Thursday, January 7, 2016

Great Missenden, Buckinghamshire


Growing old

The Ancient House, Tudor Cottage, The Old House. England is full of houses named for their antiquity. Such names beg the questions: ‘How old? When was it actually built?’ The answers, as we know, are rarely simple. Almost any English house older than a few decades has had alterations, extensions, modifications: we tinker, upgrade, downsize, adapt to current needs, endlessly. Any building that’s really (really?) old is likely to have had this done to it several times. How old? It depends on which bit you mean.

This Old House had me scratching my head even before I saw the name. There are wooden uprights and struts, but these look very much like later additions to make the place look old; the front wall seems not to be timber framed, after all. There are interesting bay windows, but their shape has something of the late-19th century about them – not notably old by English standards – and yet the leaded lights, especially those in the downstairs windows, have an older look to them. Ornate patterns of glazing bars like those were much used in the late-18th and early-19th centuries.

Back home, I try to absorb the collective wisdom of Pevsner, the house’s listing text, and sundry online sources. The house, they confirm, is originally old – 16th or 17th century, but as Pevsner puts it with a little of that disapproval that he reserves for buildings that are not lit fully by the lamp of truth, ‘but much faked up inside and out at various times’.* A timber-framed core, then, encased in brick at some point, then painted white and adorned with faux timber-framing and rather delightful bay windows, some of which preserve earlier leaded panes. That could be about the size of it, though someone who knows the house well might be able to correct the story or fill in more details.
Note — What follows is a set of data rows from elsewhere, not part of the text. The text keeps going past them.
(* Let $k\ge 2$ and let $N$ be a power of two. Let $A_1,\dots,A_k$ be integer sequences, each split into $N$ blocks $A_i=\alpha_i^0\alpha_i^1\cdots\alpha_i^{N-1}$, such that for all $j_1,\dots,j_k\in\{0,\dots,N-1\}$, $\mathrm{lcis}(\alpha_1^0\cdots\alpha_1^{j_1},\dots,\alpha_k^0\cdots\alpha_k^{j_k})=j_1+\cdots+j_k+N$. Let $s$ be the largest element appearing in $A_1,\dots,A_k$. For $i\in\{1,\dots,k\}$ let $T_i^0$ be the increasingly sorted sequence of all numbers $2s+x$ with $x\in\{1,\dots,2^k-1\}$ whose $i$-th bit in binary representation is $0$, and $T_i^1$ the increasingly sorted sequence of those with $i$-th bit equal to $1$. Define $B_i=\beta_i^0\cdots\beta_i^{2N-1}$ by $\beta_i^{2j}=\mathrm{inflate}(\alpha_i^j)\circ T_i^0$ and $\beta_i^{2j+1}=T_i^1$ for $j\in\{0,\dots,N-1\}$. Then for all $j_1,\dots,j_k\in\{0,1,\dots,2N-1\}$, $$\mathrm{lcis}(\beta_1^0\cdots\beta_1^{j_1},\beta_2^0\cdots\beta_2^{j_2},\dots,\beta_k^0\cdots\beta_k^{j_k})=j_1+j_2+\cdots+j_k+2N.$$
   Context: $\mathrm{lcis}(X_1,\dots,X_k)$ denotes the length of the longest strictly increasing sequence that is a subsequence of every $X_i$. For $A=\langle a_0,\dots,a_{n-1}\rangle$, $\mathrm{inflate}(A)=\langle 2a_0-1,2a_0,\dots,2a_{n-1}-1,2a_{n-1}\rangle$; $\circ$ and juxtaposition denote concatenation. *)

From mathcomp Require Import all_boot all_order all_algebra.
Set Implicit Arguments. Unset Strict Implicit. Unset Printing Implicit Defensive.
Import Order.TTheory GRing.Theory Num.Theory.
Local Open Scope ring_scope.

Definition common_incr_subseq (Xs : seq (seq int)) (s : seq int) : Prop :=
  sorted (fun a b : int => a < b) s /\ all (fun X => subseq s X) Xs.

Definition lcis_is (Xs : seq (seq int)) (n : nat) : Prop :=
  (exists s, common_incr_subseq Xs s /\ size s = n) /\
  (forall s, common_incr_subseq Xs s -> (size s <= n)%N).

Definition inflate (A : seq int) : seq int :=
  flatten [seq [:: 2 * a - 1; 2 * a] | a <- A].

Definition prefix_blocks (blk : nat -> seq int) (j : nat) : seq int :=
  flatten [seq blk l | l <- iota 0 j.+1].

(* T_i^b : increasing sequence of 2s+x, x in {1..2^k-1}, whose i-th bit
   (i : 'I_k, 0-indexed from the least significant bit) equals b *)
Definition Tseq (k : nat) (s : int) (i : nat) (b : bool) : seq int :=
  [seq 2 * s + (x%:Z) | x <- iota 1 (2 ^ k - 1)%N & odd (x %/ 2 ^ i) == b].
Does it matter if not everything is quite as it seems, that it’s ‘faked up’, as Pevsner puts it. When I was growing up and first reading about buildings, many writers and architects were very much influenced by the notion that a building should be true to its materials, that it should not dishonestly try to hide its origins or its structure. That’s a view influenced by generations of truth-seekers in architecture and design, from Ruskin and William Morris (both harking back in their different ways to their view of the Middle Ages) to the designers of the Bauhaus in its various incarnations. Attitudes are different, and more varied, now. I for one try to adopt a more open-minded approach to buildings like this. I like it that a building presents a puzzle, that it asks more questions than we can answer, that things like this can be fun to look at and think about. And as I myself get older, I like it too that buildings offer different ways of thinking about what it means to be old.
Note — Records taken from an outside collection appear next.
(* Let $k\ge 4$ be an integer and let $\alpha_1,\ldots,\alpha_k$ be the (complex) roots of $f_k(X)=X^k-X^{k-1}-\cdots-X-1$. Then $$|\alpha_i-\alpha_j|>\frac{1}{k^{6.6}\,(\pi/e)^{k}}\qquad\text{for all }1\le i<j\le k.$$
   Context: $f_k(X)=X^k-X^{k-1}-\cdots-X-1$ is the characteristic polynomial of the $k$-generalized Fibonacci sequence; its roots are distinct. *)

From HB Require Import structures.
From mathcomp Require Import all_boot all_order all_algebra.
From mathcomp Require Import complex.
From mathcomp Require Import all_classical all_reals all_analysis.
Set Implicit Arguments. Unset Strict Implicit. Unset Printing Implicit Defensive.
Import Order.TTheory GRing.Theory Num.Theory.
Local Open Scope ring_scope.

Definition fk (F : nzRingType) (k : nat) : {poly F} :=
  'X^k - \sum_(i < k) 'X^i.

From HB Require Import structures.
From mathcomp Require Import all_boot all_order all_algebra.
From mathcomp Require Import complex.
From mathcomp Require Import all_classical all_reals all_analysis.
From mathcomp Require Import ring lra zify.
Import Order.TTheory GRing.Theory Num.Theory numFieldNormedType.Exports.
Local Open Scope ring_scope.
Local Open Scope complex_scope.

(* Multiplying f_k by X - 1 shows that every root a satisfies
   g(a) = a^k (a - 2) + 1 = 0.  For two roots a, b with |b| <= |a| and
   d = b - a, expanding g(b) - g(a) = 0 to second order around a gives
       d a^(k-1) w = -(k a^(k-1) d^2 + X (b - 2)),
   where w = (k+1) a - 2k (so that g'(a) = a^(k-1) w) and X is the Taylor
   remainder of b^k at a, with 2|X| <= k(k-1) |a|^(k-2) |d|^2.  The roots
   satisfy |a| >= 1/2 and |w| >= 1/2 (a root cannot sit near the critical
   point 2k/(k+1) of g), whence |w| <= (5k^2 - 3k)/2 |d| and 1 <= 6k^2|d|.
   The paper's bound 1/(k^6.6 (pi/e)^k) is weaker than 1/(6k^2): it only
   remains to check k^6 <= k^6.6, 6k^2 < k^6 and e < pi; the last follows
   from e <= 2.8 (by squaring exp(1/32) <= 32/31) and pi^2 >= 8 (since
   cos(pi/2) = 0 while cos y > 1 - y^2/2 for 0 < y, y^2 < 30). *)

Section ComplexNorm.
Context {R : rcfType}.
Implicit Types x y : R[i].
Local Notation normc := (@Normc.normc R).

Lemma normc_ge0 x : 0 <= normc x.
Proof. by case: x => u v; exact: sqrtr_ge0. Qed.

Lemma normc_gt0 x : x != 0 -> 0 < normc x.
Proof.
move=> x0; rewrite lt_neqAle normc_ge0 andbT eq_sym.
by apply: contra x0 => /eqP/Normc.eq0_normc ->.
Qed.

Lemma normcX x n : normc (x ^+ n) = normc x ^+ n.
Proof.
elim: n => [|n IH]; first by rewrite !expr0 Normc.normc1.
by rewrite !exprS Normc.normcM IH.
Qed.

Lemma normc_natr n : normc n%:R = n%:R.
Proof. by rewrite normcMn Normc.normc1. Qed.

Lemma normcB_le x y : normc (x - y) <= normc x + normc y.
Proof. by rewrite -(normcN y) le_normcD. Qed.

Lemma normc_lerB x y : normc x - normc y <= normc (x - y).
Proof. by have := le_normcD (x - y) y; rewrite subrK; lra. Qed.

Lemma normcB2_le x : normc (x - 2) <= normc x + 2.
Proof. by have := normcB_le x 2; rewrite (normc_natr 2). Qed.

End ComplexNorm.

(* Multiplying f_k by X - 1: every root of f_k is a root of X^k (X - 2) + 1. *)
Lemma fk_root_eq (F : comNzRingType) k (a : F) :
  root (fk F k) a -> a ^+ k * (a - 2) = -1.
Proof.
rewrite /root /fk hornerD hornerN hornerXn horner_sum.
under eq_bigr do rewrite hornerXn.
move=> /eqP fa.
have geom : a ^+ k - 1 = (a - 1) * \sum_(i < k) a ^+ i by rewrite subrX1.
have : (a - 1) * (a ^+ k - \sum_(i < k) a ^+ i) = 0 by rewrite fa mulr0.
rewrite mulrBr -geom => e.
have -> : a ^+ k * (a - 2) = (a - 1) * a ^+ k - (a ^+ k - 1) - 1 by ring.
by rewrite e sub0r.
Qed.

Lemma root_difference_identity (F : comNzRingType) m (a b : F) :
  b ^+ m.+2 * (b - 2) - a ^+ m.+2 * (a - 2) =
    (b - a) * a ^+ m.+1 * ((m.+3)%:R * a - 2 * (m.+2)%:R)
    + (m.+2)%:R * a ^+ m.+1 * (b - a) ^+ 2
    + (b ^+ m.+2 - a ^+ m.+2 - (m.+2)%:R * a ^+ m.+1 * (b - a)) * (b - 2).
Proof.
rewrite (exprS a m.+1).
have -> : (m.+3)%:R = (m.+2)%:R + 1 :> F by rewrite natr1.
ring.
Qed.

Lemma natr_lt_exp32 (R : realFieldType) n : (2 <= n)%N -> n%:R < (3 / 2 : R) ^+ n.
Proof.
elim: n => [//|n IH] hn.
have [n_le1|n_gt1] := leqP n 1.
  have -> : n = 1%N by apply/eqP; rewrite eqn_leq n_le1 -ltnS hn.
  rewrite expr2; lra.
have := IH n_gt1; rewrite exprS -natr1.
have : 2 <= n%:R :> R by rewrite ler_nat.
lra.
Qed.

Section RootSeparation.
Variable R : rcfType.
Local Notation normc := (@Normc.normc R).

Lemma taylor2_remainder (a b : R[i]) m : normc b <= normc a ->
  2 * normc (b ^+ m.+2 - a ^+ m.+2 - (m.+2)%:R * a ^+ m.+1 * (b - a))
  <= (m.+2)%:R * (m.+1)%:R * normc a ^+ m * normc (b - a) ^+ 2.
Proof.
move=> ba; set d := b - a.
elim: m => [|m IH].
  have -> : b ^+ 2 - a ^+ 2 - 2%:R * a ^+ 1 * d = d ^+ 2 by rewrite /d; ring.
  rewrite normcX expr0 mulr1; lra.
set T := b ^+ m.+2 - a ^+ m.+2 - _ in IH.
have step : b ^+ m.+3 - a ^+ m.+3 - (m.+3)%:R * a ^+ m.+2 * d =
    b * T + (m.+2)%:R * a ^+ m.+1 * d ^+ 2.
  have -> : (m.+3)%:R = (m.+2)%:R + 1 :> R[i] by rewrite natr1.
  by rewrite /T /d (exprS b m.+2) (exprS a m.+2) (exprS a m.+1); ring.
rewrite step; apply: le_trans (ler_wpM2l _ (le_normcD _ _)) _ => //.
rewrite !Normc.normcM normcX normc_natr expr2.
set Q := normc a ^+ m.+1 * (normc d * normc d).
have bT : 2 * (normc b * normc T) <= (m.+2)%:R * (m.+1)%:R * Q.
  apply: (@le_trans _ _ (normc a * (2 * normc T))).
    by rewrite mulrCA ler_wpM2r ?mulr_ge0 ?normc_ge0.
  apply: le_trans (ler_wpM2l (normc_ge0 a) IH) _.
  by rewrite /Q [normc a ^+ m.+1]exprS expr2 le_eqVlt; apply/orP; left; apply/eqP; ring.
by rewrite -!mulrA -/Q; move: bT; rewrite -!natr1; lra.
Qed.

Lemma normc_root_eq n (a : R[i]) :
  a ^+ n * (a - 2) = -1 -> normc a ^+ n * normc (a - 2) = 1.
Proof. by move=> ea; rewrite -normcX -Normc.normcM ea normcN Normc.normc1. Qed.

(* Roots of z^(n+2) (z - 2) + 1 are not small: otherwise |a^(n+2) (a-2)| < 1. *)
Lemma root_norm_ge_half n (a : R[i]) : a ^+ n.+2 * (a - 2) = -1 -> 1 / 2 <= normc a.
Proof.
move=> /normc_root_eq e1; rewrite leNgt; apply/negP => small.
have A0 := normc_ge0 a; have V0 := normc_ge0 (a - 2).
have P0 : 0 <= normc a ^+ n.+2 by exact: exprn_ge0.
have P_le : normc a ^+ n.+2 <= 1 / 4.
  have Q1 : normc a ^+ n <= 1 by rewrite exprn_ile1 //; lra.
  have Q0 : 0 <= normc a ^+ n by exact: exprn_ge0.
  by rewrite -addn2 exprD expr2; nra.
have := normcB2_le a; move: e1 P_le P0 V0.
move: (normc a ^+ n.+2) (normc (a - 2)) => P V; nra.
Qed.

(* A root a stays away from the critical point 2(n+2)/(n+3) of
   z^(n+2) (z - 2): the quantity w = g'(a) / a^(n+1) has modulus >= 1/2.
   Otherwise |a| > 3/2 and (n+3)|a - 2| > 3/2, so that
   n+3 = |a|^(n+2) (n+3)|a - 2| > (3/2)^(n+3), which is false. *)
Lemma root_deriv_ge_half n (a : R[i]) : (2 <= n)%N ->
  a ^+ n.+2 * (a - 2) = -1 -> 1 / 2 <= normc ((n.+3)%:R * a - 2 * (n.+2)%:R).
Proof.
move=> n2 /normc_root_eq e1.
set w := _ - _; rewrite leNgt; apply/negP => small.
have n2R : 2 <= n%:R :> R by rewrite ler_nat.
have nS2 : (n.+2)%:R = n%:R + 2 :> R by rewrite -addn2 natrD.
have nS3 : (n.+3)%:R = n%:R + 3 :> R by rewrite -addn3 natrD.
have far_from_2 : 3 / 2 < (n%:R + 3) * normc (a - 2).
  have eN : (n.+3)%:R * (a - 2) = - (2 - w) by rewrite /w -[(n.+3)%:R]natr1; ring.
  have := congr1 normc eN; rewrite normcN Normc.normcM normc_natr nS3 => ->.
  by have := normc_lerB 2 w; rewrite (normc_natr 2); lra.
have a_large : 3 / 2 < normc a.
  have eN : (n.+3)%:R * a = 2 * (n.+2)%:R - - w by rewrite /w opprK addrC subrK.
  have := normc_lerB (2 * (n.+2)%:R) (- w).
  rewrite -eN !Normc.normcM (normc_natr 2) !normc_natr normcN nS2 nS3 => low.
  rewrite ltNge; apply/negP => a_le.
  have : (n%:R + 3) * normc a <= (n%:R + 3) * (3 / 2) by rewrite ler_wpM2l //; lra.
  lra.
have pow_le : (3 / 2) ^+ n.+2 <= normc a ^+ n.+2 by rewrite lerXn2r ?nnegrE //; lra.
have pow0 : 0 <= (3 / 2 : R) ^+ n.+2 by apply: exprn_ge0; lra.
have PV : normc a ^+ n.+2 * ((n%:R + 3) * normc (a - 2)) = n%:R + 3.
  by rewrite mulrCA e1 mulr1.
have := @natr_lt_exp32 R n.+3 isT; rewrite exprS nS3 => n3_lt.
have : (3 / 2) ^+ n.+2 * (3 / 2) <= (3 / 2) ^+ n.+2 * ((n%:R + 3) * normc (a - 2)).
  by rewrite ler_wpM2l //; lra.
have : (3 / 2) ^+ n.+2 * ((n%:R + 3) * normc (a - 2)) <=
       normc a ^+ n.+2 * ((n%:R + 3) * normc (a - 2)).
  by rewrite ler_wpM2r //; lra.
rewrite PV; lra.
Qed.

Lemma root_separation n (a b : R[i]) : (2 <= n)%N ->
  a ^+ n.+2 * (a - 2) = -1 -> b ^+ n.+2 * (b - 2) = -1 -> a != b ->
  normc b <= normc a -> 1 <= 6 * (n.+2)%:R ^+ 2 * normc (b - a).
Proof.
move=> n2 ea eb ab ba.
set d := b - a; set P := a ^+ n.+1; set w := (n.+3)%:R * a - 2 * (n.+2)%:R.
set X := b ^+ n.+2 - a ^+ n.+2 - (n.+2)%:R * P * d.
have w_ge : 1 / 2 <= normc w by exact: root_deriv_ge_half.
have a_ge : 1 / 2 <= normc a by exact: root_norm_ge_half ea.
have X_le : 2 * normc X <= (n.+2)%:R * (n.+1)%:R * normc a ^+ n * normc d ^+ 2.
  exact: taylor2_remainder.
have b2_le : normc (b - 2) <= 5 * normc a by have := normcB2_le b; lra.
have expansion : normc d * normc P * normc w <=
                 (n.+2)%:R * normc P * normc d ^+ 2 + normc X * normc (b - 2).
  have iden := root_difference_identity _ n a b.
  rewrite eb ea subrr -/d -/P -/w -/X in iden.
  have E : d * P * w = - ((n.+2)%:R * P * d ^+ 2 + X * (b - 2)).
    by apply/eqP; rewrite -subr_eq0 opprK addrA -iden.
  rewrite -!Normc.normcM E normcN; apply: le_trans (le_normcD _ _) _.
  by rewrite !Normc.normcM normc_natr expr2.
have d0 : 0 < normc d by apply: normc_gt0; rewrite subr_eq0 eq_sym.
have a0 : 0 < normc a by lra.
have eP : normc P = normc a * normc a ^+ n by rewrite normcX exprS.
have X_b2 : normc X * normc (b - 2) <=
            (n.+2)%:R * normc P * normc d ^+ 2 * (5 / 2 * (n.+1)%:R).
  apply: le_trans (ler_wpM2l (normc_ge0 X) b2_le) _.
  by have := ler_wpM2r (ltW a0) X_le; rewrite eP; lra.
have w_le : normc w <= normc d * ((n.+2)%:R * (1 + 5 / 2 * (n.+1)%:R)).
  have Pd0 : 0 < normc P * normc d by rewrite mulr_gt0 // eP mulr_gt0 ?exprn_gt0.
  rewrite -(ler_pM2l Pd0); apply: le_trans (le_trans _ expansion) _.
    by rewrite (mulrC (normc P)).
  by move: X_b2; rewrite expr2; lra.
have coef : (n.+2)%:R * (1 + 5 / 2 * (n.+1)%:R) <= 3 * (n.+2)%:R ^+ 2 :> R.
  rewrite expr2 -[(n.+2)%:R]natr1; have := ler0n R n.+1; nra.
by have := ler_wpM2l (ltW d0) coef; lra.
Qed.

End RootSeparation.

Lemma fk_root_separation (R : rcfType) k (a b : R[i]) : (4 <= k)%N ->
  root (fk _ k) a -> root (fk _ k) b -> a != b ->
  1 <= 6 * k%:R ^+ 2 * Normc.normc (a - b).
Proof.
case: k => [|[|n]] // n2 /fk_root_eq ea /fk_root_eq eb ab.
have [ba|ab_lt] := leP (Normc.normc b) (Normc.normc a).
  by rewrite -normcN opprB; exact: root_separation.
by apply: root_separation => //; [rewrite eq_sym | exact: ltW].
Qed.

Section PiAndE.
Variable R : realType.

(* Second-order Taylor lower bound for cos: the tail of the alternating
   series is positive as long as its terms decrease, which holds for y^2 < 30. *)
Lemma cos_gt_taylor2 (y : R) : 0 < y -> y ^+ 2 < 30 -> 1 - y ^+ 2 / 2 < cos y.
Proof.
move=> y0 y30.
have cvg_cos := @cvg_cos_coeff' R y.
rewrite -(cvg_lim (@Rhausdorff R) cvg_cos).
have -> : 1 - y ^+ 2 / 2 = \sum_(0 <= i < 2) cos_coeff' y i.
  rewrite big_nat_recr//= big_nat_recr//= big_nil add0r /cos_coeff'.
  by rewrite expr0z expr1z expr0 mul1r mulN1r divr1 mulNr.
apply: lt_sum_lim_series; [by move/cvgP in cvg_cos | move=> d].
rewrite /cos_coeff'.
set N := (2 + d.*2)%N.
have -> : (2 + d.*2.+1)%N = N.+1 by rewrite /N addnS.
have -> : (-1 : R) ^ N = 1 by rewrite -exprnP -signr_odd oddD odd_double.
have -> : (-1 : R) ^ N.+1 = -1 by rewrite -exprnP -signr_odd /= oddD odd_double.
rewrite mul1r mulN1r.
have -> : y ^+ (N.+1).*2 = y ^+ 2 * y ^+ N.*2 by rewrite -exprD add2n doubleS.
have -> : ((N.+1).*2)`!%:R = (N.*2.+2)%:R * (N.*2.+1)%:R * (N.*2)`!%:R :> R.
  by rewrite doubleS !factS !natrM mulrA.
have F0 : 0 < (N.*2)`!%:R :> R by rewrite ltr0n fact_gt0.
have Y0 : 0 < y ^+ N.*2 by rewrite exprn_gt0.
have AB : 30 <= (N.*2.+2)%:R * (N.*2.+1)%:R :> R.
  by rewrite -natrM ler_nat /N -!mul2n; nia.
set F := ((N.*2)`!)%:R : R in F0 *; set Y := y ^+ N.*2 in Y0 *.
set A := (N.*2.+2)%:R * (N.*2.+1)%:R : R in AB *.
rewrite mulNr subr_gt0 invfM mulrA ltr_pM2r ?invr_gt0 // mulrAC.
by rewrite -[ltRHS]mul1r ltr_pM2r // ltr_pdivrMr ?mul1r; lra.
Qed.

(* Since cos (pi/2) = 0, the Taylor bound forces (pi/2)^2 >= 2. *)
Lemma pi_sqr_ge8 : 8 <= (pi : R) ^+ 2.
Proof.
rewrite leNgt; apply/negP => pi_small.
have pihalf0 : 0 < (pi : R) / 2 by rewrite divr_gt0 // pi_gt0.
have sq : (pi / 2) ^+ 2 < 2 :> R by rewrite expr_div_n ltr_pdivrMr //; lra.
have sq30 : (pi / 2) ^+ 2 < 30 :> R by lra.
by have := cos_gt_taylor2 (pi / 2) pihalf0 sq30; rewrite cos_pihalf; lra.
Qed.

(* exp(1/32) <= 32/31 since exp(-x) >= 1 - x; then square five times. *)
Lemma expR1_le : expR 1 <= 28 / 10 :> R.
Proof.
set y := expR (1 / 32 : R).
have y0 : 0 < y by rewrite expR_gt0.
have inv : y * expR (- (1 / 32)) = 1 by rewrite /y -expRD subrr expR0.
have lowN : 1 - 1 / 32 <= expR (- (1 / 32) : R).
  by have := expR_ge1Dx (- (1 / 32) : R); lra.
have y1 : y <= 32 / 31 by nra.
have -> : expR 1 = y ^+ 32 by rewrite /y -expRM_natl; congr expR; field.
have sqr_le (p : nat) (c : R) : y ^+ p <= c -> y ^+ p.*2 <= c ^+ 2.
  move=> le; rewrite -addnn exprD -expr2 lerXn2r ?nnegrE //.
  - exact: exprn_ge0 (ltW y0).
  - by apply: le_trans le; exact: exprn_ge0 (ltW y0).
have y2 : y ^+ 2 <= 1066 / 1000.
  by apply: le_trans (sqr_le 1%N _ y1) _; rewrite expr2; lra.
have y4 : y ^+ 4 <= 1137 / 1000 by apply: le_trans (sqr_le 2%N _ y2) _; rewrite expr2; lra.
have y8 : y ^+ 8 <= 1293 / 1000 by apply: le_trans (sqr_le 4%N _ y4) _; rewrite expr2; lra.
have y16 : y ^+ 16 <= 1672 / 1000 by apply: le_trans (sqr_le 8%N _ y8) _; rewrite expr2; lra.
by apply: le_trans (sqr_le 16%N _ y16) _; rewrite expr2; lra.
Qed.

Lemma expR1_lt_pi : expR 1 < pi :> R.
Proof. by have := pi_sqr_ge8; have := expR1_le; have := pi_gt0 R; rewrite expr2; nra. Qed.

End PiAndE.

Lemma exprn_le_powR (R : realType) (x r : R) n :
  1 <= x -> n%:R <= r -> x ^+ n <= x `^ r.
Proof.
move=> x1 nr; rewrite -powR_mulrn; last by lra.
by apply: ler_powR.
Qed.

Theorem theorem2 (R : realType) (k : nat) (hk : (4 <= k)%N)
  (a b : R[i]) (ha : root (fk _ k) a) (hb : root (fk _ k) b) (hab : a != b) :
  1 / ((k%:R `^ (66 / 10 : R)) * (pi / expR 1) ^+ k) < Normc.normc (a - b).
Proof.
have sep : 1 <= 6 * k%:R ^+ 2 * Normc.normc (a - b) by exact: fk_root_separation.
have k4 : 4 <= k%:R :> R by rewrite ler_nat.
have k6_le : k%:R ^+ 6 <= k%:R `^ (66 / 10 : R) by apply: exprn_le_powR; lra.
have pi_e : 1 <= (pi / expR 1 : R) ^+ k.
  by apply: exprn_ege1; rewrite ler_pdivlMr ?expR_gt0 // mul1r ltW // expR1_lt_pi.
have k6_gt : 6 * (k%:R : R) ^+ 2 < k%:R ^+ 6.
  have -> : k%:R ^+ 6 = k%:R ^+ 2 * (k%:R ^+ 2 * k%:R ^+ 2) :> R by rewrite -!exprD.
  have k2 : 16 <= k%:R ^+ 2 :> R by rewrite expr2; nra.
  rewrite [6 * _]mulrC ltr_pM2l; [nra | lra].
have D0 := normc_ge0 (a - b).
have k6_0 : 0 < (k%:R : R) ^+ 6 by apply: exprn_gt0; lra.
rewrite ltr_pdivrMr; last by apply: mulr_gt0; lra.
have : k%:R ^+ 6 * Normc.normc (a - b) <= k%:R `^ (66 / 10 : R) * Normc.normc (a - b).
  by rewrite ler_wpM2r.
have : k%:R `^ (66 / 10 : R) * Normc.normc (a - b) <=
       k%:R `^ (66 / 10 : R) * Normc.normc (a - b) * (pi / expR 1) ^+ k.
  by rewrite ler_peMr // mulr_ge0 //; lra.
nra.
Qed.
* As I’m quoting here from the revised edition of Pevsner’s Buckinghamshire (the 1994 printing), I’m not sure whether these are the actual words of the architectural historian Nikolaus Pevsner, or of revisers Elizabeth Williamson and Geoffrey K Brandwood. But they certainly sound like Pevsner himself.

5 comments:

Jenny Woolf said...

I don't mind buildings being faked up except insofar as the process of faking can often obliterate older, more interesting but less photogenic stuff. In its currrent magazine (I think) the SPAB has one building in its casework section which is unexpectedly full of interesting features, but not in the least photogenic

Hels said...

I have been thinking about this very topic in relation to historically interesting pubs in Britain that have served the local population for a century or (much) more and then became redundant since 1995. If the pub buildings were destroyed, then we have no debate. But if they were then modernised, expanded or used for totally different purposes (eg a fast food teenage site), are those ex-pubs still historically interesting and worth preserving?

thanks for the link
Hels
http://melbourneblogger.blogspot.com.au/2016/01/ye-olde-fighting-cocks-pub-did-it.html

Stephen Barker said...

The timber work on the Gable end to the rear of the house certainly looks older and less regular than that on the front of the house.

Philip Wilkinson said...

Yes the rear gable timberwork does look older.

Joseph Biddulph (Publisher) said...

David Watkins's 'Morality and Architecture' (University of Chicago Press 1975) makes gentle fun of Ruskin, Pevsner & Co. regarding "truth" and "morality" - given what ugly blots some so-called "truthful" architecture turns out to be, I tend to fairy tales and romance myself. I would even gothicise utilitarian fences if given the chance - and see absolutely no reason why you shouldn't imitate an older style if you like it. Since architecture is designed for human beings, and human beings have an aesthetic and romantic side, why shouldn't these things be indulged? The true morality for architecture, surely, is producing buildings for human beings to feel good in, respecting their dignity, and helping them to be happy in their home or place of work?